Strony

sobota, 14 lipca 2012

Ale tak naprawdę...

... to coś robimy! Ostro pracujemy teraz nad przywołaniem, na każdym spacerze, poza tym mamy się dobrze, w końcu obie trochę odżyłyśmy jak spadła trochę temperatura i jest tak jak lubię.
Zważywszy na zbliżający się obóz (wybaczcie za wspominanie wątku obozowego no ale jeszcze musicie wytrzymać) musiałam Doti trochę ogarnąć, mimo że źle jeszcze nie wyglądała, to jednak dla mnie musi być idealnie ;) w końcu  mhmh.. musi jakoś wyglądać na zdjęciach ;D 
Sądzę że ładnie się prezentuje ;)


Crazy Westie, nazwa nie wzięła się znikąd, dowód że nadal szalejemy.
Tworzę sobie powoli listę obozową, no i cóż... przede mną zakupy wszelkich motywatorów tzn smaczków, nagród itd.

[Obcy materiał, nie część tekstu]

(* Let $F$ be a bicontinuous set functor with $F\emptyset\ne\emptyset$, with a presentation $\varepsilon\colon H_\Sigma\to F$ and chosen $p'\in\Sigma_0$. Then the terminal coalgebra $\nu F$, ordered by cutting, is a cpo which is a conservative completion of the initial algebra $\mu F$ (embedded via $m$). Moreover, ordering $F(\mu F)$ so that $\varphi$ is an order isomorphism and $F(\nu F)$ so that $\tau$ is one, $\tau$ is the unique continuous map $g\colon\nu F\to F(\nu F)$ with $g\cdot m=Fm\cdot\varphi^{-1}$.
   Context: Bicontinuous: $F$ preserves filtered colimits (finitary) and limits of $\omega^{op}$-chains. $(\mu F,\varphi)$: initial algebra; $(\nu F,\tau)$: terminal coalgebra; $m\colon\mu F\to\nu F$ the unique coalgebra homomorphism $(\mu F,\varphi^{-1})\to(\nu F,\tau)$ (injective). Presentation: finitary signature $\Sigma$, $H_\Sigma X=\coprod_n\Sigma_n\times X^n$, natural $\varepsilon\colon H_\Sigma\to F$ with surjective components. $\Sigma$-trees: ordered rooted trees labelled in $\Sigma$, a node labelled in $\Sigma_n$ having $n$ children; $\nu H_\Sigma$ = all $\Sigma$-trees with $\tau'$ inverse of tree tupling, $\mu H_\Sigma$ = finite ones. $\partial'_ns$: delete nodes of height $>n$ and relabel the nodes of height $n$ by $p'$. $h\colon\mu H_\Sigma\to\mu F$: the unique $\Sigma$-algebra homomorphism into $(\mu F,\varphi\cdot\varepsilon_{\mu F})$; $\sim$ its kernel; $s\sim^*s'$ iff $\partial'_ns\sim\partial'_ns'$ for all $n$. $\hat k\colon\nu H_\Sigma\to\nu F$: the unique $F$-coalgebra homomorphism $(\nu H_\Sigma,\varepsilon_{\nu H_\Sigma}\tau')\to(\nu F,\tau)$, surjective with kernel $\sim^*$. Order by cutting on $\nu F$: $x\le y$ iff $x=y$ or $x=\hat k(s)$, $y=\hat k(s')$ with $s\sim^*\partial'_ns'$ for some $n$. Continuous = monotone and preserving existing directed joins. A conservative completion of a poset $P$ is a cpo containing $P$ as a subposet closed under existing directed joins such that every continuous map from $P$ to a cpo extends uniquely to a continuous map on the completion. *)

From mathcomp Require Import all_boot.
Set Implicit Arguments.
Unset Strict Implicit.
Unset Printing Implicit Defensive.
(* Let $S$ be a finite set of points in $\mathbb{R}^D$, let $t\geqslant 1$ be a real number, let $G$ be a $t$-spanner for $S$, and let $T$ be a minimum spanning tree of $G$. Let $p$ and $q$ be two points of $S$. Then every edge on the path in $T$ between $p$ and $q$ has length at most $t\cdot d(p,q)$.
   Context: $d(u,v)$ denotes Euclidean distance. For a graph $G$ with vertex set $S\subset\mathbb{R}^D$, each edge $(u,v)$ has weight (length) $d(u,v)$ and $d_G(u,v)$ is the length of a shortest path in $G$ between $u$ and $v$. $G$ is a $t$-spanner for $S$ if its vertex set is $S$ and $d_G(u,v)\leqslant t\cdot d(u,v)$ for all $u,v\in S$. A minimum spanning tree of $G$ is a spanning tree of $G$ (using only edges of $G$) of minimum total edge weight. *)

From HB Require Import structures.
From mathcomp Require Import all_boot all_order all_algebra.
From mathcomp Require Import reals.
Set Implicit Arguments. Unset Strict Implicit. Unset Printing Implicit Defensive.
Import Order.TTheory GRing.Theory Num.Theory.
Local Open Scope ring_scope.

Definition edist (R : realType) (D : nat) (x y : 'rV[R]_D) : R :=
  Num.sqrt (\sum_(i < D) (x ord0 i - y ord0 i) ^+ 2).

(* The point set S is the image of an injective map pos : V -> R^D, V a finType.
   Graphs on S are relations on V; edge (u,v) has weight edist (pos u) (pos v). *)

Definition walk_len (R : realType) (D : nat) (V : finType) (pos : V -> 'rV[R]_D)
    (u : V) (s : seq V) : R :=
  \sum_(e <- zip (u :: s) s) edist (pos e.1) (pos e.2).

Definition simple_graph (V : finType) (G : rel V) : Prop :=
  symmetric G /\ irreflexive G.

(* G is a t-spanner: d_G(u,v) <= t * d(u,v), i.e. some walk in G from u to v
   has length at most t * d(u,v) (d_G is the minimum over such walks, which
   exists since simple paths are finitely many; d_G = +oo if none). *)
Definition t_spanner (R : realType) (D : nat) (V : finType) (pos : V -> 'rV[R]_D)
    (t : R) (G : rel V) : Prop :=
  forall u v : V, exists s : seq V,
    [/\ path G u s, last u s = v & walk_len pos u s <= t * edist (pos u) (pos v)].

(* total weight of a graph: each undirected edge counted once *)
Definition graph_weight (R : realType) (D : nat) (V : finType) (pos : V -> 'rV[R]_D)
    (H : rel V) : R :=
  (\sum_(u : V) \sum_(v : V | H u v) edist (pos u) (pos v)) / 2.

Definition acyclic (V : finType) (H : rel V) : Prop :=
  forall c : seq V, uniq c -> (3 <= size c)%N -> ~~ cycle H c.

Definition spanning_tree_of (V : finType) (G H : rel V) : Prop :=
  [/\ symmetric H, subrel H G, (forall u v, connect H u v) & acyclic H].

Definition minimum_spanning_tree_of (R : realType) (D : nat) (V : finType)
    (pos : V -> 'rV[R]_D) (G H : rel V) : Prop :=
  spanning_tree_of G H /\
  forall H' : rel V, spanning_tree_of G H' -> graph_weight pos H <= graph_weight pos H'.

From HB Require Import structures.
From mathcomp Require Import all_boot all_order all_algebra.
From mathcomp Require Import reals lra.
Import Order.TTheory GRing.Theory Num.Theory.
Set Implicit Arguments. Unset Strict Implicit. Unset Printing Implicit Defensive.
Local Open Scope ring_scope.

(* Exchange argument.  If an edge xy of the tree path from p to q were longer
   than t d(p,q), deleting it would split T into two components, p on the
   side of x and q on the side of y.  The spanner walk from p to q, of length
   at most t d(p,q), must leave the component of p through some edge ab of G,
   and ab is then strictly shorter than xy.  Replacing xy by ab yields a
   spanning tree of G lighter than T, contradicting minimality. *)

Lemma mem_zip_cons_split (T : eqType) (u x y : T) (s : seq T) :
  (x, y) \in zip (u :: s) s -> exists s1 s2, s = s1 ++ y :: s2 /\ last u s1 = x.
Proof.
elim: s u => [|z s IH] u //=.
rewrite in_cons => /orP [/eqP [-> ->]|/IH [s1 [s2 [-> <-]]]].
  by exists [::], s.
by exists (z :: s1), s2.
Qed.

Section EdgeSurgery.

Variable V : finType.
Implicit Types (H T : rel V) (a b x y u v : V) (s : seq V).

Definition uedge x y : rel V :=
  fun u v => (u == x) && (v == y) || (u == y) && (v == x).

Definition del_edge T x y : rel V := fun u v => T u v && ~~ uedge x y u v.

Definition add_edge H a b : rel V := fun u v => H u v || uedge a b u v.

Lemma uedge_sym x y : symmetric (uedge x y).
Proof. by move=> u v; rewrite /uedge orbC andbC [(v == y) && _]andbC. Qed.

Lemma del_edge_sym T x y : symmetric T -> symmetric (del_edge T x y).
Proof. by move=> Tsym u v; rewrite /del_edge Tsym uedge_sym. Qed.

Lemma add_edge_sym H a b : symmetric H -> symmetric (add_edge H a b).
Proof. by move=> Hsym u v; rewrite /add_edge Hsym uedge_sym. Qed.

Lemma sub_del_edge T x y : subrel (del_edge T x y) T.
Proof. by move=> u v /andP []. Qed.

Lemma del_edgeK T x y :
  symmetric T -> T x y -> add_edge (del_edge T x y) x y =2 T.
Proof.
move=> Tsym Txy u v; rewrite /add_edge /del_edge.
case xy_uv: (uedge x y u v); rewrite ?orbT ?andbT ?orbF //.
by case/orP: xy_uv => /andP [/eqP -> /eqP ->]; rewrite // Tsym.
Qed.

Lemma path_del_edge T x y u s :
  (x \notin u :: s) || (y \notin u :: s) -> path T u s -> path (del_edge T x y) u s.
Proof.
move=> xyNs; apply: (@sub_in_path _ (mem (u :: s))); last exact/allP.
move=> v w vs ws Tvw; rewrite /del_edge Tvw /=; apply: contraL xyNs.
by rewrite negb_or !negbK; case/orP=> /andP [/eqP <- /eqP <-]; rewrite vs ws.
Qed.

Lemma simple_path_del_edge T u s x y :
  path T u s -> uniq (u :: s) -> (x, y) \in zip (u :: s) s ->
  [/\ T x y, connect (del_edge T x y) u x & connect (del_edge T x y) y (last u s)].
Proof.
move=> + + /mem_zip_cons_split [s1 [s2 [s_def <-]]]; rewrite s_def.
rewrite -cat_cons cat_uniq cat_path last_cat => /andP [Ts1 /andP [Ty Ts2]].
case/and3P=> _ /hasPn s1_s2 _.
have s1Ny : y \notin u :: s1 := s1_s2 y (mem_head _ _).
have s2Nx : last u s1 \notin y :: s2 := contraL (s1_s2 _) (mem_last u s1).
split=> //; apply/connectP.
  by exists s1 => //; apply: path_del_edge Ts1; rewrite s1Ny orbT.
by exists s2 => //; apply: path_del_edge Ts2; rewrite s2Nx.
Qed.

Lemma acyclic_subrel H H' : subrel H' H -> acyclic H -> acyclic H'.
Proof.
move=> H'H Hacy c uc c_ge3; apply: contra (Hacy c uc c_ge3); exact: sub_cycle.
Qed.

Lemma acyclic_closed_path_size H u s :
  acyclic H -> path H u s -> uniq (u :: s) -> H (last u s) u -> (size s <= 1)%N.
Proof.
move=> Hacy Hus us Hsu; rewrite leqNgt; apply/negP => s_gt1.
by have := Hacy (u :: s) us s_gt1; rewrite /= rcons_path Hus Hsu.
Qed.

Lemma del_edge_disconnect T x y :
  acyclic T -> T x y -> x != y -> ~~ connect (del_edge T x y) y x.
Proof.
move=> Tacy Txy xNy; apply/negP => /connectP [s0 ps0 x_last].
case: (shortenP ps0) x_last => s ps us _ x_last.
have := acyclic_closed_path_size Tacy (sub_path (@sub_del_edge T x y) ps) us.
rewrite -x_last => /(_ Txy).
case: s ps {us} x_last => [|z [|]] //= ps x_last _; first by rewrite x_last eqxx in xNy.
by move: ps; rewrite -x_last /del_edge /uedge !eqxx orbT andbF.
Qed.

Lemma acyclic_add_edge H a b :
  symmetric H -> acyclic H -> ~~ connect H a b -> acyclic (add_edge H a b).
Proof.
move=> Hsym Hacy aNb c uc c_ge3; apply/negP => cyc.
have bNa : b != a by apply: contraNneq aNb => ->.
have H_off_b : {in predC1 b &, subrel (add_edge H a b) H}.
  move=> u v; rewrite !inE => uNb vNb /orP [// | /orP [] /andP [/eqP ua /eqP vb]].
    by rewrite vb eqxx in vNb.
  by rewrite ua eqxx in uNb.
have [b_c | bNc] := boolP (b \in c); last first.
  have := Hacy c uc c_ge3; rewrite (sub_in_cycle H_off_b _ cyc) //.
  by apply/allP => v v_c; apply: contraNneq bNc => <-.
have [i r c_rot] := rot_to b_c.
move: cyc uc c_ge3; rewrite -(rot_cycle i) -(rot_uniq i) -(size_rot i) c_rot.
case: r {c_rot} => [|z r] //= /andP [Hbz]; rewrite rcons_path => /andP [Hzr Hrb].
rewrite !ltnS => uc r_gt0; have /andP [bNzr /andP [zNr _]] := uc.
have {}Hzr : path H z r.
  by apply: (sub_in_path H_off_b) Hzr; apply/allP => v; apply: contraTneq => ->.
have edge_b w : add_edge H a b b w = H b w || (w == a).
  by rewrite /add_edge /uedge eqxx (negbTE bNa).
move: Hbz Hrb; rewrite [add_edge H a b (last z r) b]add_edge_sym // !edge_b.
case/orP=> [Hbz | /eqP za] /orP [Hbr | /eqP ra].
- have bzr : path H b (z :: r) by rewrite /= Hbz.
  have := acyclic_closed_path_size Hacy bzr uc; rewrite Hsym => /(_ Hbr).
  by rewrite /= ltnNge r_gt0.
- case/negP: aNb; rewrite (sym_connect_sym Hsym); apply/connectP.
  by exists (z :: r); rewrite /= ?Hbz ?ra.
- case/negP: aNb; apply/connectP.
  by exists (rcons r b); rewrite ?last_rcons // rcons_path -za Hzr Hsym.
- clear -za ra zNr r_gt0; case: r zNr ra r_gt0 => // w r zNr ra _.
  by move: (mem_last w r); rewrite /= in ra; rewrite ra -za (negbTE zNr).
Qed.

Lemma del_edge_connect_either T x y :
  symmetric T -> (forall u v, connect T u v) ->
  forall u, connect (del_edge T x y) x u || connect (del_edge T x y) y u.
Proof.
move=> Tsym Tconn u.
pose P := [pred w | connect (del_edge T x y) x w || connect (del_edge T x y) y w].
have P_closed : closed T P.
  apply: (intro_closed (sym_connect_sym Tsym)) => v w Tvw; rewrite !inE.
  case xy_vw: (uedge x y v w).
    by case/orP: xy_vw => /andP [_ /eqP ->]; rewrite connect0 ?orbT.
  have T0vw : del_edge T x y v w by rewrite /del_edge Tvw xy_vw.
  by case/orP=> /connect_trans/(_ (connect1 T0vw)) ->; rewrite ?orbT.
by rewrite -[_ || _]/(u \in P) -(closed_connect P_closed (Tconn x u)) inE connect0.
Qed.

Lemma add_edge_connect H a b :
  symmetric H -> (forall u, connect H a u || connect H b u) ->
  forall u v, connect (add_edge H a b) u v.
Proof.
move=> Hsym cover.
have lift : subrel (connect H) (connect (add_edge H a b)).
  by apply: connect_sub => u v Huv; rewrite connect1 // /add_edge Huv.
have ab : add_edge H a b a b by rewrite /add_edge /uedge !eqxx orbT.
have from_a u : connect (add_edge H a b) a u.
  by case/orP: (cover u) => /lift //; apply: connect_trans (connect1 ab).
move=> u v; apply: connect_trans (from_a v).
by rewrite (sym_connect_sym (add_edge_sym a b Hsym)).
Qed.

Lemma exchange_spanning_tree G T x y a b :
  symmetric G -> spanning_tree_of G T -> G a b ->
  connect (del_edge T x y) x a -> ~~ connect (del_edge T x y) x b ->
  spanning_tree_of G (add_edge (del_edge T x y) a b).
Proof.
move=> Gsym [Tsym TG Tconn Tacy] Gab xa xNb.
have T0sym := del_edge_sym x y Tsym.
have connect_symT0 := sym_connect_sym T0sym.
have cover := del_edge_connect_either x y Tsym Tconn.
split.
- exact: add_edge_sym T0sym.
- move=> u v /orP [/sub_del_edge/TG // | /orP [] /andP [/eqP -> /eqP ->]] //.
  by rewrite Gsym.
- apply: add_edge_connect T0sym _ => u.
  have yb : connect (del_edge T x y) y b by move: (cover b); rewrite (negbTE xNb).
  case/orP: (cover u) => [xu | yu].
    by rewrite (@connect_trans _ _ x a u) // connect_symT0.
  by rewrite (@connect_trans _ _ y b u) ?orbT // connect_symT0.
- apply: acyclic_add_edge => //; first exact: acyclic_subrel (@sub_del_edge T x y) Tacy.
  by apply: contra xNb; apply: connect_trans.
Qed.

End EdgeSurgery.

Lemma edistC (R : realType) (D : nat) (x y : 'rV[R]_D) : edist x y = edist y x.
Proof.
by rewrite /edist; congr Num.sqrt; apply: eq_bigr => i _; rewrite -sqrrN opprB.
Qed.

Lemma edist_ge0 (R : realType) (D : nat) (x y : 'rV[R]_D) : 0 <= edist x y.
Proof. exact: sqrtr_ge0. Qed.

Section Weights.

Variables (R : realType) (D : nat) (V : finType) (pos : V -> 'rV[R]_D).
Implicit Types (G H T : rel V) (a b x y u v : V) (s : seq V).

Lemma walk_len_cons u z s :
  walk_len pos u (z :: s) = edist (pos u) (pos z) + walk_len pos z s.
Proof. by rewrite /walk_len /= big_cons. Qed.

Lemma walk_len_ge0 u s : 0 <= walk_len pos u s.
Proof. by apply: sumr_ge0 => e _; exact: edist_ge0. Qed.

Lemma path_exit_edge G (C : pred V) u s :
  path G u s -> C u -> ~~ C (last u s) ->
  exists a b, [/\ G a b, C a, ~~ C b & edist (pos a) (pos b) <= walk_len pos u s].
Proof.
elim: s u => [|z s IH] u /=; first by move=> _ ->.
move=> /andP [Guz Gzs] Cu Cs; rewrite walk_len_cons.
have [Cz | Nz] := boolP (C z).
  have [a [b [Gab Ca Nb ab_le]]] := IH z Gzs Cz Cs.
  by exists a, b; split=> //; rewrite ler_wpDl // edist_ge0.
by exists u, z; split=> //; rewrite lerDl walk_len_ge0.
Qed.

Lemma eq_graph_weight H H' : H =2 H' -> graph_weight pos H = graph_weight pos H'.
Proof.
by move=> eqH; rewrite /graph_weight; congr (_ / _); apply: eq_bigr => u _;
  apply: eq_bigl => v; rewrite eqH.
Qed.

Lemma graph_weight_add_edge H a b :
  symmetric H -> ~~ H a b -> a != b ->
  graph_weight pos (add_edge H a b) = graph_weight pos H + edist (pos a) (pos b).
Proof.
move=> Hsym Hab aNb.
have NH_ab u v : uedge a b u v -> ~~ H u v.
  by case/orP=> /andP [/eqP -> /eqP ->]; rewrite // Hsym.
have split_ab u : \sum_(v | add_edge H a b u v) edist (pos u) (pos v) =
    \sum_(v | H u v) edist (pos u) (pos v) +
    \sum_(v | uedge a b u v) edist (pos u) (pos v).
  rewrite (bigID (uedge a b u)) /= addrC; congr (_ + _); apply: eq_bigl => v;
    rewrite /add_edge; case ab_uv: (uedge a b u v); rewrite ?andbT ?andbF ?orbT ?orbF //.
  by rewrite (negbTE (NH_ab _ _ ab_uv)).
have sum_ab : \sum_u \sum_(v | uedge a b u v) edist (pos u) (pos v) =
    edist (pos a) (pos b) + edist (pos a) (pos b).
  rewrite pair_big_dep (eq_bigl (mem [:: (a, b); (b, a)])) => [|[u v]]; last first.
    by rewrite !inE /uedge !xpair_eqE.
  rewrite -big_uniq; last by rewrite /= andbT inE xpair_eqE negb_and aNb.
  by rewrite !big_cons big_nil /= addr0 (edistC (pos b)).
rewrite /graph_weight (eq_bigr _ (fun u _ => split_ab u)) big_split /= sum_ab.
lra.
Qed.

Lemma graph_weight_exchange T x y a b :
  symmetric T -> T x y -> x != y -> ~~ connect (del_edge T x y) a b ->
  graph_weight pos (add_edge (del_edge T x y) a b) + edist (pos x) (pos y) =
  graph_weight pos T + edist (pos a) (pos b).
Proof.
move=> Tsym Txy xNy aNb.
have T0sym := del_edge_sym x y Tsym.
have T0Nab : ~~ del_edge T x y a b by apply: contra aNb => /connect1.
have aNeqb : a != b by apply: contraNneq aNb => ->.
have T0Nxy : ~~ del_edge T x y x y by rewrite /del_edge /uedge !eqxx andbF.
by rewrite -(eq_graph_weight (del_edgeK Tsym Txy)) !graph_weight_add_edge // addrAC.
Qed.

End Weights.

Theorem lemma4 (R : realType) (D : nat) (V : finType) (pos : V -> 'rV[R]_D)
    (t : R) (G T : rel V) (p q : V) :
  injective pos -> 1 <= t ->
  simple_graph G -> t_spanner pos t G ->
  minimum_spanning_tree_of pos G T ->
  forall s : seq V, path T p s -> last p s = q -> uniq (p :: s) ->
  forall x y : V, (x, y) \in zip (p :: s) s ->
    edist (pos x) (pos y) <= t * edist (pos p) (pos q).
Proof.
move=> _ _ [Gsym Girr] spanner [Tst Tmin] s ps <- us x y xy.
have [Tsym TG _ Tacy] := Tst.
have [Txy px yq] := simple_path_del_edge ps us xy.
have xNy : x != y by apply: contraTneq Txy => ->; apply/negP => /TG; rewrite Girr.
set T0 := del_edge T x y in px yq *.
have symT0 := sym_connect_sym (del_edge_sym x y Tsym).
have pNq : ~~ connect T0 p (last p s).
  apply: contra (del_edge_disconnect Tacy Txy xNy) => pq.
  by apply: (connect_trans yq); apply: (connect_trans _ px); rewrite symT0.
rewrite leNgt; apply/negP => short.
have [w [pw wq w_le]] := spanner p (last p s).
rewrite -wq in pNq.
have [a [b [Gab pa pNb ab_le]]] := path_exit_edge pos pw (connect0 T0 p) pNq.
have xa : connect T0 x a by apply: connect_trans pa; rewrite symT0.
have xNb : ~~ connect T0 x b by apply: contra pNb; apply: connect_trans px.
have aNb : ~~ connect T0 a b by apply: contra xNb; apply: connect_trans xa.
have := Tmin _ (exchange_spanning_tree Gsym Tst Gab xa xNb).
have := graph_weight_exchange pos Tsym Txy xNy aNb.
have : edist (pos a) (pos b) < edist (pos x) (pos y).
  exact: le_lt_trans ab_le (le_lt_trans w_le short).
lra.
Qed.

Jeśli chodzi o smaczki, to coś co łatwo dzielić i co motywuje, pewnie paski mięsne u nas się dobrze sprawdzają, i kilka paczek Gimdog'ów.
Nagrodą owszem jest i piłka/szarpak, także u nas, naszą magiczną piłkę mamy, szarpaki też, jedynie brakuje mi piłki na sznurku którą już dawno chcę kupić.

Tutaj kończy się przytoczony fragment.